In this lesson we'll look at the process of creating an R package. It's a lot
easier than you might think!
Here is a quick overview of what we'll cover:
* Why build R packages?
* What do you need?
* Basic setup process
* Documentation
* Testing
* Sharing & collaboration
* Other Topics (not covered)
* Review
* Learn More
## Why build R packages?
There are a number of reasons why you should want to know how to build an R
package:
* To share code with others (or even just with yourself)

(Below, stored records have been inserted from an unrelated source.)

Lemma Cmod_plus_sq_le (a b : C) : Cmod (a + b) ^ 2 <= 2 * Cmod a ^ 2 + 2 * Cmod b ^ 2.
Proof.
  pose proof (Cmod_triangle a b). pose proof (Cmod_ge_0 a). pose proof (Cmod_ge_0 b).
  apply (Rle_trans _ ((Cmod a + Cmod b) ^ 2)).
  - apply pow_incr. pose proof (Cmod_ge_0 (a + b)). lra.
  - pose proof (pow2_ge_0 (Cmod a - Cmod b)). nra.
Qed.

Lemma Cmod_RtoC_sq (x : R) : Cmod (RtoC x) ^ 2 = x ^ 2.
Proof. now rewrite Cmod_R, pow2_abs. Qed.

Definition sqnorm (d : nat -> C) : R := Series (fun j => Cmod (d j) ^ 2).

Lemma in_H2_0 : in_H2 (fun _ => RtoC 0).
Proof.
  apply (ex_series_ext (fun _ => 0)); [|exact ex_series_0].
  intros j. rewrite Cmod_0. symmetry. apply pow_i. lia.
Qed.

Lemma sqnorm_ge_0 (d : nat -> C) : in_H2 d -> 0 <= sqnorm d.
Proof.
  intros Hd. rewrite <- Series_0. apply Series_le; [|exact Hd].
  intros j. split; [lra | apply pow2_ge_0].
Qed.

Lemma in_H2_dominated (K : R) (d d' : nat -> C) :
  (forall j, Cmod (d j) ^ 2 <= K * Cmod (d' j) ^ 2) -> in_H2 d' ->
  in_H2 d /\ sqnorm d <= K * sqnorm d'.
Proof.
  intros Hle Hd'.
  assert (HK : ex_series (fun j => K * Cmod (d' j) ^ 2)) by exact (ex_series_scal_l K _ Hd').
  split.
  - refine (@ex_series_le R_AbsRing R_CompleteNormedModule _ _ _ HK).
    intros j. change (Rabs (Cmod (d j) ^ 2) <= K * Cmod (d' j) ^ 2).
    rewrite Rabs_pos_eq by apply pow2_ge_0. apply Hle.
  - unfold sqnorm. rewrite <- Series_scal_l. apply Series_le; [|exact HK].
    intros j. split; [apply pow2_ge_0 | apply Hle].
Qed.

Lemma in_H2_sum (d d1 d2 : nat -> C) :
  (forall j, d j = (d1 j + d2 j)%C) -> in_H2 d1 -> in_H2 d2 ->
  in_H2 d /\ sqnorm d <= 2 * sqnorm d1 + 2 * sqnorm d2.
Proof.
  intros Hd H1 H2.
  assert (E1 : ex_series (fun j => 2 * Cmod (d1 j) ^ 2)) by exact (ex_series_scal_l 2 _ H1).
  assert (E2 : ex_series (fun j => 2 * Cmod (d2 j) ^ 2)) by exact (ex_series_scal_l 2 _ H2).
  set (b := fun j => 2 * Cmod (d1 j) ^ 2 + 2 * Cmod (d2 j) ^ 2).
  assert (Hb : ex_series b) by exact (ex_series_plus _ _ E1 E2).
  assert (Hle : forall j, 0 <= Cmod (d j) ^ 2 <= b j).
  { intros j. rewrite Hd. split; [apply pow2_ge_0 | apply Cmod_plus_sq_le]. }
  split.
  - refine (@ex_series_le R_AbsRing R_CompleteNormedModule _ _ _ Hb).
    intros j. change (Rabs (Cmod (d j) ^ 2) <= b j).
    rewrite Rabs_pos_eq by apply pow2_ge_0. apply Hle.
  - unfold sqnorm. apply (Rle_trans _ (Series b)); [now apply Series_le|].
    unfold b. rewrite (Series_plus _ _ E1 E2).
    rewrite !Series_scal_l. lra.
Qed.

Lemma in_H2_g1 : in_H2 (g 1).
Proof.
  apply (ex_series_ext (fun j => / (INR j + 1) ^ 2)); [|exact ex_series_inv_sq].
  intros j. unfold g. rewrite Cmod_RtoC_sq, pow_1, plus_INR, pow_inv. reflexivity.
Qed.

Lemma lincomb_plus (c1 c2 : nat -> C) (N j : nat) :
  lincomb (fun k => c1 k + c2 k)%C N j = (lincomb c1 N j + lincomb c2 N j)%C.
Proof. induction N as [|N IH]; simpl; [|rewrite IH]; ring. Qed.

Lemma lincomb_scal (a : C) (c : nat -> C) (N j : nat) :
  lincomb (fun k => a * c k)%C N j = (a * lincomb c N j)%C.
Proof. induction N as [|N IH]; simpl; [|rewrite IH]; ring. Qed.

Lemma lincomb_ext (c c' : nat -> C) (N j : nat) :
  (forall k, (k <= N)%nat -> c k = c' k) -> lincomb c N j = lincomb c' N j.
Proof.
  induction N as [|N IH]; intros Hc; simpl; [reflexivity|].
  rewrite IH by (intros; apply Hc; lia). rewrite Hc by lia. reflexivity.
Qed.

Lemma lincomb_pad (c : nat -> C) (N M j : nat) :
  lincomb (fun k => if (k <=? N)%nat then c k else RtoC 0) (N + M) j = lincomb c N j.
Proof.
  induction M as [|M IH].
  - rewrite Nat.add_0_r. apply lincomb_ext. intros k Hk.
    now apply Nat.leb_le in Hk as ->.
  - rewrite Nat.add_succ_r. cbn [lincomb]. rewrite IH.
    replace (S (N + M) <=? N)%nat with false by (symmetry; apply Nat.leb_gt; lia). ring.
Qed.

Definition sqdist_lt (u v : nat -> C) (eps : R) : Prop :=
  in_H2 (fun j => u j - v j)%C /\ sqnorm (fun j => u j - v j)%C < eps.

Lemma sqdist_lt_split (u v u1 v1 u2 v2 : nat -> C) (e1 e2 : R) :
  (forall j, (u j - v j = (u1 j - v1 j) + (u2 j - v2 j))%C) ->
  sqdist_lt u1 v1 e1 -> sqdist_lt u2 v2 e2 -> sqdist_lt u v (2 * e1 + 2 * e2).
Proof.
  intros Huv [H1 S1] [H2 S2].
  destruct (in_H2_sum _ _ _ Huv H1 H2) as [Hd Sd]. split; [exact Hd | lra].
Qed.

Definition in_closed_span (v : nat -> C) : Prop :=
  forall eps, 0 < eps -> exists N c, sqdist_lt v (lincomb c N) eps.

Lemma in_closed_span_ext (u v : nat -> C) :
  (forall j, u j = v j) -> in_closed_span u -> in_closed_span v.
Proof.
  intros Huv Hu eps Heps. destruct (Hu eps Heps) as (N & c & Hd & Sd).
  exists N, c.
  assert (E : forall j, Cmod (u j - lincomb c N j)%C ^ 2 = Cmod (v j - lincomb c N j)%C ^ 2)
    by (intros j; now rewrite Huv).
  split; [exact (ex_series_ext _ _ E Hd) |].
  unfold sqnorm. now rewrite <- (Series_ext _ _ E).
Qed.

Lemma in_closed_span_lincomb (c : nat -> C) (N : nat) : in_closed_span (lincomb c N).
Proof.
  intros eps Heps. exists N, c.
  assert (Hle : forall j, Cmod (lincomb c N j - lincomb c N j)%C ^ 2 <= 0 * Cmod (RtoC 0) ^ 2).
  { intros j. replace (lincomb c N j - lincomb c N j)%C with (RtoC 0) by ring.
    rewrite Cmod_0. simpl. lra. }
  destruct (in_H2_dominated _ _ (fun _ => RtoC 0) Hle in_H2_0) as [Hd Sd].
  split; [exact Hd | lra].
Qed.

Lemma in_closed_span_limit (v : nat -> C) :
  (forall eps, 0 < eps -> exists u, in_closed_span u /\ sqdist_lt v u eps) ->
  in_closed_span v.
Proof.
  intros Hv eps Heps.
  destruct (Hv (eps / 4)) as (u & Hu & Hvu); [lra|].
  destruct (Hu (eps / 4)) as (N & c & Huc); [lra|].
  exists N, c. replace eps with (2 * (eps / 4) + 2 * (eps / 4)) by field.
  refine (sqdist_lt_split _ _ _ _ _ _ _ _ _ Hvu Huc). intros j; ring.
Qed.

Lemma in_closed_span_plus (u v : nat -> C) :
  in_closed_span u -> in_closed_span v -> in_closed_span (fun j => u j + v j)%C.
Proof.
  intros Hu Hv eps Heps.
  destruct (Hu (eps / 4)) as (N1 & c1 & H1); [lra|].
  destruct (Hv (eps / 4)) as (N2 & c2 & H2); [lra|].
  exists (N1 + N2)%nat, (fun k => (if (k <=? N1)%nat then c1 k else RtoC 0)
                                 + (if (k <=? N2)%nat then c2 k else RtoC 0))%C.
  replace eps with (2 * (eps / 4) + 2 * (eps / 4)) by field.
  refine (sqdist_lt_split _ _ _ _ _ _ _ _ _ H1 H2).
  intros j. rewrite lincomb_plus, lincomb_pad, Nat.add_comm, lincomb_pad. ring.
Qed.

Lemma in_closed_span_scal (a : C) (u : nat -> C) :
  in_closed_span u -> in_closed_span (fun j => a * u j)%C.
Proof.
  intros Hu eps Heps.
  set (K := Cmod a ^ 2). assert (HK : 0 <= K) by apply pow2_ge_0.
  destruct (Hu (eps / (K + 1))) as (N & c & Hd & Sd); [apply Rdiv_lt_0_compat; lra|].
  exists N, (fun k => a * c k)%C.
  assert (Hle : forall j, Cmod (a * u j - lincomb (fun k => a * c k)%C N j)%C ^ 2
                          <= K * Cmod (u j - lincomb c N j)%C ^ 2).
  { intros j. rewrite lincomb_scal.
    replace (a * u j - a * lincomb c N j)%C with (a * (u j - lincomb c N j))%C by ring.
    rewrite Cmod_mult, Rpow_mult_distr. apply Rle_refl. }
  destruct (in_H2_dominated _ _ _ Hle Hd) as [Ha Sa]. split; [exact Ha|].
  assert (eps - K * (eps / (K + 1)) = eps / (K + 1)) by (field; lra).
  assert (0 < eps / (K + 1)) by (apply Rdiv_lt_0_compat; lra).
  nra.
Qed.

Lemma in_closed_span_g (k : nat) : (1 <= k)%nat -> in_closed_span (g k).
Proof.
  intros Hk. destruct k as [|m]; [lia|].
  set (one := fun _ : nat => RtoC 1).
  apply (in_closed_span_ext (fun j => lincomb one (S m) j + RtoC (-1) * lincomb one m j)%C).
  - intros j. cbn [lincomb]. unfold one. ring.
  - apply in_closed_span_plus; [|apply in_closed_span_scal]; apply in_closed_span_lincomb.
Qed.

Definition ebasis (n j : nat) : C := if (j =? n)%nat then RtoC 1 else RtoC 0.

* To leverage existing tooling for consistency & efficiency
* Learning about package development has spin-off benefits for everyone
### Sharing code
Bundling code into a package makes it easy for other people to use it, since
it's likely that they already know how to install and learn to use an R
package. Even if you just want to share code across multiple projects of your
own, an R package is often the best way to do this.
### Leveraging tooling
The standardized conventions of R packages have lead to standardized tooling,
particularly in the key areas of documentation and testing. So by buying into
R's package conventions when bundling up code, you get the benefits of these
tools.
### Package learnings benefit everyone
The learning process involved in creating your own R packages will improve
your understanding of existing R packages and also of R itself, and will equip
you to contribute back to the community with feature additions, improved
documentation, bug fixes etc for these packages. In short, learning unlocks
opportunities for further learning.
## What do you need?
The [RStudio IDE](https://www.rstudio.com/products/rstudio/#Desktop) is highly
useful for package development due to its integration with `devtools` but is not
required.
You'll need the following R packages:
* [devtools](https://github.com/hadley/devtools)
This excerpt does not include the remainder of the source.